Katie Alcock, a mother-of-two from Lancaster, objected to a policy which allowed boys to identify as girls, claiming the rule discriminated against her views as a feminist.
Ms Alcock had been a leader for ten years and she feared the ruling would affect child safety.
Her objections to the charity were first reported in June 2018 along with fellow leader Helen Watts.
By airing her views on the topic online, a four-month investigation found her to be in breach of the organisation's social media rules.
She was then deemed to have broken the code of conduct by not adhering to the Guides' equality and diversity policy on transgender inclusion.
The former Girl Guides leader has now spoken out on her ordeal, telling the Daily Mail that "It was as if I'd been embezzling funds".
She said: "I was afraid to speak to anyone in case I burst into tears. I was expelled from the Girlguiding unit I ran not long before my daughter was due to join it.
"It was really distressing. Other mums who'd put the world to rights with me suddenly blanked me completely and cancelled playdates. I thought: Do they think I'm such an awful person; that I've done something dreadful?
"I was treated no differently from a child abuser.
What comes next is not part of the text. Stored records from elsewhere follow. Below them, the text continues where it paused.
(* Let $\langle L,\leq\rangle$ and $\langle K,\leq\rangle$ be complete lattices and $f:L\to K$ a surjective lattice morphism. Let $O:L\to L$ be an operator and $A:L^2\to L^2$ an approximator of $O$ such that both $O$ and $A$ respect $f$, and let $O_f$ and $A_f$ be their projections on $K$. If $(x,y)$ is the $A$-well-founded fixpoint of $O$, then $(f(x),f(y))$ is the $A_f$-well-founded fixpoint of $O_f$.
   Context: A lattice morphism $f:L\to K$ satisfies $f(\bigvee X)=\bigvee f(X)$ and $f(\bigwedge X)=\bigwedge f(X)$ for all $X\subseteq L$. $L^2$ carries the precision order $(x,y)\leq_p(u,v)$ iff $x\leq u$ and $v\leq y$; write $(x,y)_1=x,(x,y)_2=y$. An approximator of $O$ is a $\leq_p$-monotone $A:L^2\to L^2$ with $A(x,x)_1\leq O(x)\leq A(x,x)_2$ for all $x$, assumed symmetric ($A(x,y)_1=A(y,x)_2$). $O$ respects $f$ if $f(x)=f(y)$ implies $f(O(x))=f(O(y))$; then (for surjective $f$) $O_f$ is the unique operator on $K$ with $O_f\circ f=f\circ O$. With $f^2(x,y)=(f(x),f(y))$, $A$ respects $f$ if $f^2(p)=f^2(q)$ implies $f^2(A(p))=f^2(A(q))$; $A_f$ is the unique operator on $K^2$ with $A_f\circ f^2=f^2\circ A$. For an operator $B$ on a bilattice $M^2$ (and any operator $P$ on $M$), a partial $B$-stable fixpoint is a pair $(x,y)$ with $x=\mathrm{lfp}(B(\cdot,y)_1)$ and $y=\mathrm{lfp}(B(x,\cdot)_2)$; the $B$-well-founded fixpoint of $P$ is the $\leq_p$-least (least precise) partial $B$-stable fixpoint. *)

Record complete_lattice := CompleteLattice {
  carrier :> Type;
  le : carrier -> carrier -> Prop;
  le_refl : forall x, le x x;
  le_trans : forall x y z, le x y -> le y z -> le x z;
  le_antisym : forall x y, le x y -> le y x -> x = y;
  sup : (carrier -> Prop) -> carrier;
  sup_ub : forall (X : carrier -> Prop) x, X x -> le x (sup X);
  sup_least : forall (X : carrier -> Prop) u,
      (forall x, X x -> le x u) -> le (sup X) u;
  inf : (carrier -> Prop) -> carrier;
  inf_lb : forall (X : carrier -> Prop) x, X x -> le (inf X) x;
  inf_greatest : forall (X : carrier -> Prop) u,
      (forall x, X x -> le u x) -> le u (inf X)
}.

Arguments le {c} _ _.
Arguments sup {c} _.
Arguments inf {c} _.

Definition image {L K : Type} (f : L -> K) (X : L -> Prop) : K -> Prop :=
  fun y => exists x, X x /\ f x = y.

Definition lattice_morphism {L K : complete_lattice} (f : L -> K) : Prop :=
  forall X : L -> Prop, f (sup X) = sup (image f X) /\ f (inf X) = inf (image f X).

Definition surjective {L K : Type} (f : L -> K) : Prop :=
  forall y, exists x, f x = y.

Definition lep {L : complete_lattice} (p q : L * L) : Prop :=
  le (fst p) (fst q) /\ le (snd q) (snd p).

Definition approximator {L : complete_lattice} (A : L * L -> L * L) (O : L -> L) : Prop :=
  (forall p q, lep p q -> lep (A p) (A q)) /\
  (forall x, le (fst (A (x, x))) (O x) /\ le (O x) (snd (A (x, x)))) /\
  (forall x y, fst (A (x, y)) = snd (A (y, x))).

Definition f2 {L K : Type} (f : L -> K) (p : L * L) : K * K := (f (fst p), f (snd p)).

Definition respects_op {L K : Type} (f : L -> K) (O : L -> L) : Prop :=
  forall x y, f x = f y -> f (O x) = f (O y).

Definition respects_approx {L K : Type} (f : L -> K) (A : L * L -> L * L) : Prop :=
  forall p q, f2 f p = f2 f q -> f2 f (A p) = f2 f (A q).

Definition is_lfp {M : complete_lattice} (P : M -> M) (x : M) : Prop :=
  P x = x /\ forall z, P z = z -> le x z.

Definition partial_stable_fixpoint {M : complete_lattice} (B : M * M -> M * M)
    (p : M * M) : Prop :=
  is_lfp (fun z => fst (B (z, snd p))) (fst p) /\
  is_lfp (fun z => snd (B (fst p, z))) (snd p).

Definition wf_fixpoint {M : complete_lattice} (B : M * M -> M * M) (p : M * M) : Prop :=
  partial_stable_fixpoint B p /\
  forall q, partial_stable_fixpoint B q -> lep p q.


(* The partial stable fixpoints of an approximator B are exactly the fixpoints
   of its stable operator S_B(u, v) = (lfp B(., v)_1, lfp B(u, .)_2), which is
   monotone for the precision order; so the B-well-founded fixpoint is the
   least fixpoint of S_B on the bilattice.  A surjective complete-lattice
   morphism f has a greatest element in each fibre, and any monotone map with
   that property carries the least fixpoint of P to the least fixpoint of any Q
   with Q o f = f o P.  Applying this first to f (giving S_{A_f} o f^2 =
   f^2 o S_A) and then to f^2 on the bilattices proves the theorem. *)

Definition monotone {M N : complete_lattice} (g : M -> N) : Prop :=
  forall a b, le a b -> le (g a) (g b).

Definition has_fibre_maxima {M N : complete_lattice} (g : M -> N) : Prop :=
  forall z, exists z1, g z1 = g z /\ forall z', g z' = g z -> le z' z1.

Section LeastFixpoint.
Context {M : complete_lattice}.
Implicit Types P Q : M -> M.

Definition lfp P : M := inf (fun z => le (P z) z).

Lemma lfp_le_prefixpoint P z : le (P z) z -> le (lfp P) z.
Proof. intros Hz. apply inf_lb. exact Hz. Qed.

Lemma lfp_is_lfp P : monotone P -> is_lfp P (lfp P).
Proof.
  intros HP.
  assert (Hpre : le (P (lfp P)) (lfp P)).
  { apply inf_greatest. intros z Hz.
    apply le_trans with (P z); [apply HP, lfp_le_prefixpoint, Hz | exact Hz]. }
  split.
  - apply le_antisym; [exact Hpre |].
    apply lfp_le_prefixpoint, HP, Hpre.
  - intros z Hz. apply lfp_le_prefixpoint. rewrite Hz. apply le_refl.
Qed.

Lemma is_lfp_unique P x : monotone P -> is_lfp P x -> x = lfp P.
Proof.
  intros HP [Hfix Hleast]. destruct (lfp_is_lfp P HP) as [Hfix' Hleast'].
  apply le_antisym; [apply Hleast, Hfix' | apply Hleast', Hfix].
Qed.

Lemma lfp_le_lfp P Q : (forall z, le (P z) (Q z)) -> le (lfp P) (lfp Q).
Proof.
  intros HPQ. apply inf_greatest. intros z Hz.
  apply lfp_le_prefixpoint. apply le_trans with (Q z); [apply HPQ | exact Hz].
Qed.

End LeastFixpoint.

Lemma lfp_transfer {M N : complete_lattice} (g : M -> N) (P : M -> M) (Q : N -> N)
  (x : M) :
  monotone g -> surjective g -> has_fibre_maxima g -> monotone P ->
  (forall z, Q (g z) = g (P z)) -> is_lfp P x -> is_lfp Q (g x).
Proof.
  intros Hg Hsurj Hmax HP Hcomm Hx. split.
  - rewrite Hcomm. destruct Hx as [-> _]. reflexivity.
  - intros w Hw. destruct (Hsurj w) as [z <-].
    destruct (Hmax z) as [z1 [Hz1 Hz1_max]].
    (* P z1 lies in the fibre of the fixpoint g z1, so z1 is a prefixpoint of P. *)
    assert (Hpre : le (P z1) z1).
    { apply Hz1_max. rewrite <- Hcomm, Hz1. exact Hw. }
    rewrite <- Hz1. apply Hg.
    rewrite (is_lfp_unique P x HP Hx). apply lfp_le_prefixpoint, Hpre.
Qed.

Definition bilattice (M : complete_lattice) : complete_lattice.
Proof.
  refine (@CompleteLattice (M * M) (@lep M) _ _ _
    (fun X => (sup (fun a => exists b, X (a, b)), inf (fun b => exists a, X (a, b)))) _ _
    (fun X => (inf (fun a => exists b, X (a, b)), sup (fun b => exists a, X (a, b)))) _ _).
  - intros p. split; apply le_refl.
  - intros p q r [H1 H2] [H3 H4]. split; eapply le_trans; eauto.
  - intros [a b] [c d] [H1 H2] [H3 H4]. simpl in *. f_equal; apply le_antisym; auto.
  - intros X [a b] H. split; simpl.
    + apply sup_ub. exists b. exact H.
    + apply inf_lb. exists a. exact H.
  - intros X u H. split; simpl.
    + apply sup_least. intros a [b Hb]. apply (H _ Hb).
    + apply inf_greatest. intros b [a Ha]. apply (H _ Ha).
  - intros X [a b] H. split; simpl.
    + apply inf_lb. exists b. exact H.
    + apply sup_ub. exists a. exact H.
  - intros X u H. split; simpl.
    + apply inf_greatest. intros a [b Hb]. apply (H _ Hb).
    + apply sup_least. intros b [a Ha]. apply (H _ Ha).
Defined.

Section LatticeMorphism.
Context {L K : complete_lattice} (f : L -> K).
Hypothesis Hmorph : lattice_morphism f.

Lemma lattice_morphism_monotone : monotone f.
Proof.
  intros a b Hab.
  assert (Hsup : sup (fun z => z = a \/ z = b) = b).
  { apply le_antisym.
    - apply sup_least. intros z [-> | ->]; [exact Hab | apply le_refl].
    - apply sup_ub. right. reflexivity. }
  destruct (Hmorph (fun z => z = a \/ z = b)) as [Hf _].
  rewrite Hsup in Hf. rewrite Hf.
  apply sup_ub. exists a. split; [left |]; reflexivity.
Qed.

Lemma lattice_morphism_lift_ge a1 a2 :
  le (f a1) (f a2) -> exists a, f a = f a2 /\ le a1 a.
Proof.
  intros H. exists (sup (fun z => z = a1 \/ z = a2)). split.
  - destruct (Hmorph (fun z => z = a1 \/ z = a2)) as [-> _]. apply le_antisym.
    + apply sup_least. intros w [z [[-> | ->] <-]]; [exact H | apply le_refl].
    + apply sup_ub. exists a2. split; [right |]; reflexivity.
  - apply sup_ub. left. reflexivity.
Qed.

Lemma lattice_morphism_lift_le a1 a2 :
  le (f a2) (f a1) -> exists a, f a = f a2 /\ le a a1.
Proof.
  intros H. exists (inf (fun z => z = a1 \/ z = a2)). split.
  - destruct (Hmorph (fun z => z = a1 \/ z = a2)) as [_ ->]. apply le_antisym.
    + apply inf_lb. exists a2. split; [right |]; reflexivity.
    + apply inf_greatest. intros w [z [[-> | ->] <-]]; [exact H | apply le_refl].
  - apply inf_lb. left. reflexivity.
Qed.

Lemma lattice_morphism_fibre_sup a : f (sup (fun z => f z = f a)) = f a.
Proof.
  destruct (Hmorph (fun z => f z = f a)) as [-> _]. apply le_antisym.
  - apply sup_least. intros w [z [Hz <-]]. rewrite Hz. apply le_refl.
  - apply sup_ub. exists a. split; reflexivity.
Qed.

Lemma lattice_morphism_fibre_inf a : f (inf (fun z => f z = f a)) = f a.
Proof.
  destruct (Hmorph (fun z => f z = f a)) as [_ ->]. apply le_antisym.
  - apply inf_lb. exists a. split; reflexivity.
  - apply inf_greatest. intros w [z [Hz <-]]. rewrite Hz. apply le_refl.
Qed.

Lemma lattice_morphism_fibre_maxima : has_fibre_maxima f.
Proof.
  intros a. exists (sup (fun z => f z = f a)). split.
  - apply lattice_morphism_fibre_sup.
  - intros z Hz. apply sup_ub. exact Hz.
Qed.

Lemma f2_monotone : @monotone (bilattice L) (bilattice K) (f2 f).
Proof.
  intros [a b] [c d] [H1 H2]. split; simpl in *; apply lattice_morphism_monotone; assumption.
Qed.

(* In the precision order the top of the fibre of (a, b) is (sup, inf) of the
   fibres of a and b. *)
Lemma f2_fibre_maxima : @has_fibre_maxima (bilattice L) (bilattice K) (f2 f).
Proof.
  intros [a b]. exists (sup (fun z => f z = f a), inf (fun z => f z = f b)). split.
  - unfold f2. simpl. rewrite lattice_morphism_fibre_sup, lattice_morphism_fibre_inf.
    reflexivity.
  - intros [c d] H. unfold f2 in H. simpl in H. injection H as H1 H2.
    split; simpl; [apply sup_ub | apply inf_lb]; assumption.
Qed.

Hypothesis Hsurj : surjective f.

Lemma f2_surjective : surjective (f2 f).
Proof.
  intros [u v]. destruct (Hsurj u) as [a <-], (Hsurj v) as [b <-].
  exists (a, b). reflexivity.
Qed.

Lemma projection_monotone (A : L * L -> L * L) (Af : K * K -> K * K) :
  @monotone (bilattice L) (bilattice L) A ->
  (forall p, Af (f2 f p) = f2 f (A p)) ->
  @monotone (bilattice K) (bilattice K) Af.
Proof.
  intros HA HAf [u1 v1] [u2 v2] [Hu Hv]. simpl in *.
  destruct (Hsurj u1) as [a1 <-], (Hsurj u2) as [a2 <-].
  destruct (Hsurj v1) as [b1 <-], (Hsurj v2) as [b2 <-].
  destruct (lattice_morphism_lift_ge a1 a2 Hu) as [a [<- Ha]].
  destruct (lattice_morphism_lift_le b1 b2 Hv) as [b [<- Hb]].
  change (lep (Af (f2 f (a1, b1))) (Af (f2 f (a, b)))).
  rewrite !HAf. destruct (HA (a1, b1) (a, b)) as [H1 H2]; [split; assumption |].
  split; apply lattice_morphism_monotone; assumption.
Qed.

Lemma lattice_morphism_lfp (P : L -> L) (Q : K -> K) :
  monotone P -> monotone Q -> (forall z, Q (f z) = f (P z)) -> lfp Q = f (lfp P).
Proof.
  intros HP HQ Hcomm. symmetry. apply is_lfp_unique; [exact HQ |].
  apply lfp_transfer with P; try assumption.
  - apply lattice_morphism_monotone.
  - apply lattice_morphism_fibre_maxima.
  - apply lfp_is_lfp, HP.
Qed.

End LatticeMorphism.

Definition stable_op {M : complete_lattice} (B : M * M -> M * M) (p : M * M) : M * M :=
  (lfp (fun z => fst (B (z, snd p))), lfp (fun z => snd (B (fst p, z)))).

Section StableOperator.
Context {M : complete_lattice} (B : M * M -> M * M).
Hypothesis HB : @monotone (bilattice M) (bilattice M) B.

Lemma stable_op_fst_monotone (v : M) : monotone (fun z => fst (B (z, v))).
Proof. intros z z' H. apply (HB (z, v) (z', v)). split; [exact H | apply le_refl]. Qed.

Lemma stable_op_snd_monotone (u : M) : monotone (fun z => snd (B (u, z))).
Proof. intros z z' H. apply (HB (u, z') (u, z)). split; [apply le_refl | exact H]. Qed.

Lemma stable_op_monotone : @monotone (bilattice M) (bilattice M) (stable_op B).
Proof.
  intros [a b] [a' b'] [H1 H2]. simpl in *. split; simpl; apply lfp_le_lfp; intros z.
  - apply (HB (z, b) (z, b')). split; [apply le_refl | exact H2].
  - apply (HB (a, z) (a', z)). split; [exact H1 | apply le_refl].
Qed.

Lemma partial_stable_fixpointE p :
  partial_stable_fixpoint B p <-> stable_op B p = p.
Proof.
  destruct p as [a b]. unfold partial_stable_fixpoint, stable_op. simpl. split.
  - intros [H1 H2].
    rewrite <- (is_lfp_unique _ _ (stable_op_fst_monotone b) H1),
      <- (is_lfp_unique _ _ (stable_op_snd_monotone a) H2).
    reflexivity.
  - intros H. injection H as Ha Hb. split.
    + rewrite <- Ha. apply lfp_is_lfp, stable_op_fst_monotone.
    + rewrite <- Hb. apply lfp_is_lfp, stable_op_snd_monotone.
Qed.

Lemma wf_fixpointE p :
  wf_fixpoint B p <-> @is_lfp (bilattice M) (stable_op B) p.
Proof.
  unfold wf_fixpoint, is_lfp. split; intros [Hfix Hleast]; split.
  - apply partial_stable_fixpointE, Hfix.
  - intros q Hq. apply Hleast, partial_stable_fixpointE, Hq.
  - apply partial_stable_fixpointE, Hfix.
  - intros q Hq. apply Hleast, partial_stable_fixpointE, Hq.
Qed.

End StableOperator.

Lemma stable_op_f2 {L K : complete_lattice} (f : L -> K)
  (A : L * L -> L * L) (Af : K * K -> K * K) :
  lattice_morphism f -> surjective f ->
  @monotone (bilattice L) (bilattice L) A ->
  (forall p, Af (f2 f p) = f2 f (A p)) ->
  forall p, stable_op Af (f2 f p) = f2 f (stable_op A p).
Proof.
  intros Hmorph Hsurj HA HAf [a b].
  assert (HAfmono := projection_monotone f Hmorph Hsurj A Af HA HAf).
  unfold stable_op, f2. simpl. f_equal; apply lattice_morphism_lfp; try assumption.
  - apply stable_op_fst_monotone, HA.
  - apply stable_op_fst_monotone, HAfmono.
  - intros z. change (fst (Af (f2 f (z, b))) = f (fst (A (z, b)))). rewrite HAf. reflexivity.
  - apply stable_op_snd_monotone, HA.
  - apply stable_op_snd_monotone, HAfmono.
  - intros z. change (snd (Af (f2 f (a, z))) = f (snd (A (a, z)))). rewrite HAf. reflexivity.
Qed.

Theorem theorem3p4 (L K : complete_lattice) (f : L -> K)
  (Hmorph : lattice_morphism f) (Hsurj : surjective f)
  (O : L -> L) (A : L * L -> L * L)
  (HA : approximator A O)
  (HOf : respects_op f O) (HAf : respects_approx f A)
  (Of : K -> K) (HOf_def : forall x, Of (f x) = f (O x))
  (Af : K * K -> K * K) (HAf_def : forall p, Af (f2 f p) = f2 f (A p))
  (x y : L) :
  wf_fixpoint A (x, y) -> wf_fixpoint Af (f x, f y).
Proof.
  assert (HAmono : @monotone (bilattice L) (bilattice L) A) by exact (proj1 HA).
  assert (HAfmono := projection_monotone f Hmorph Hsurj A Af HAmono HAf_def).
  intros Hwf. apply (wf_fixpointE Af HAfmono).
  change (f x, f y) with (f2 f (x, y)).
  apply (@lfp_transfer (bilattice L) (bilattice K) (f2 f) (stable_op A)).
  - apply f2_monotone, Hmorph.
  - apply f2_surjective, Hsurj.
  - apply f2_fibre_maxima, Hmorph.
  - apply stable_op_monotone, HAmono.
  - apply stable_op_f2; assumption.
  - apply (wf_fixpointE A HAmono), Hwf.
Qed.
Yet all I'd done was say that safeguarding children in Girlguiding should come before anything else".
Katie Alcock was expelled from the group as she refused to adhere to the policy.
Twitter/@wontsomeonethi2
After Ms Alcock refused to agree to the new rules, she was expelled from the organisation.
A four-year battle in court ensued, on the grounds Ms Alcock felt she has been discriminated against for her "gender-critical views".
She ended up reaching a settlement with the charity, with £100,000 of legal fees reportedly being accrued, but the psychological wounds from the ordeal remain in place.
Girlguiding agreed to pay a proportion of the legal fees, along with an invitation to rejoin the charity.
Ms Alcock felt there was a chance of her children's safety being put at risk as a result of the policy.
Katie Alcock had been a leader for ten years.
Fiona Hanson
She said: "When I found out that men who said they were women could sleep in the same tents as girls, share the same toilets and use the same changing rooms if they went swimming, I was really worried. I thought Girlguiding had made a mistake.
"But when I contacted them about it they insisted they hadn't. They said they had consulted Stonewall (the LGBT rights' group) for advice and were following the law. As far as I was concerned, they were throwing the safeguarding of girls out of the window.
"I don't believe trans-women should face discrimination, but I don't think they can change their biological sex. And I think, for the safeguarding, privacy and dignity of girls and women, they, or their parents, should be allowed to decide if they share spaces with someone of the opposite sex".
Girlguiding has released a statement to the Daily Mail on the matter, saying its trans policy "hasn't changed" despite the case.
"Girlguiding hasn't changed its trans-inclusive equality and diversity policy,' it states.
"As a girl-only charity we accept members who are biologically female (under the protected characteristic of sex) and those whose gender is a girl or woman (under the protected characteristic of gender reassignment)"
"Girlguiding remains proudly trans inclusive,' it goes on, 'with our trans-inclusive equality and diversity policy grounded in the Equality Act 2010. We will continue to review all policies regularly, in line with evolving guidance and the law".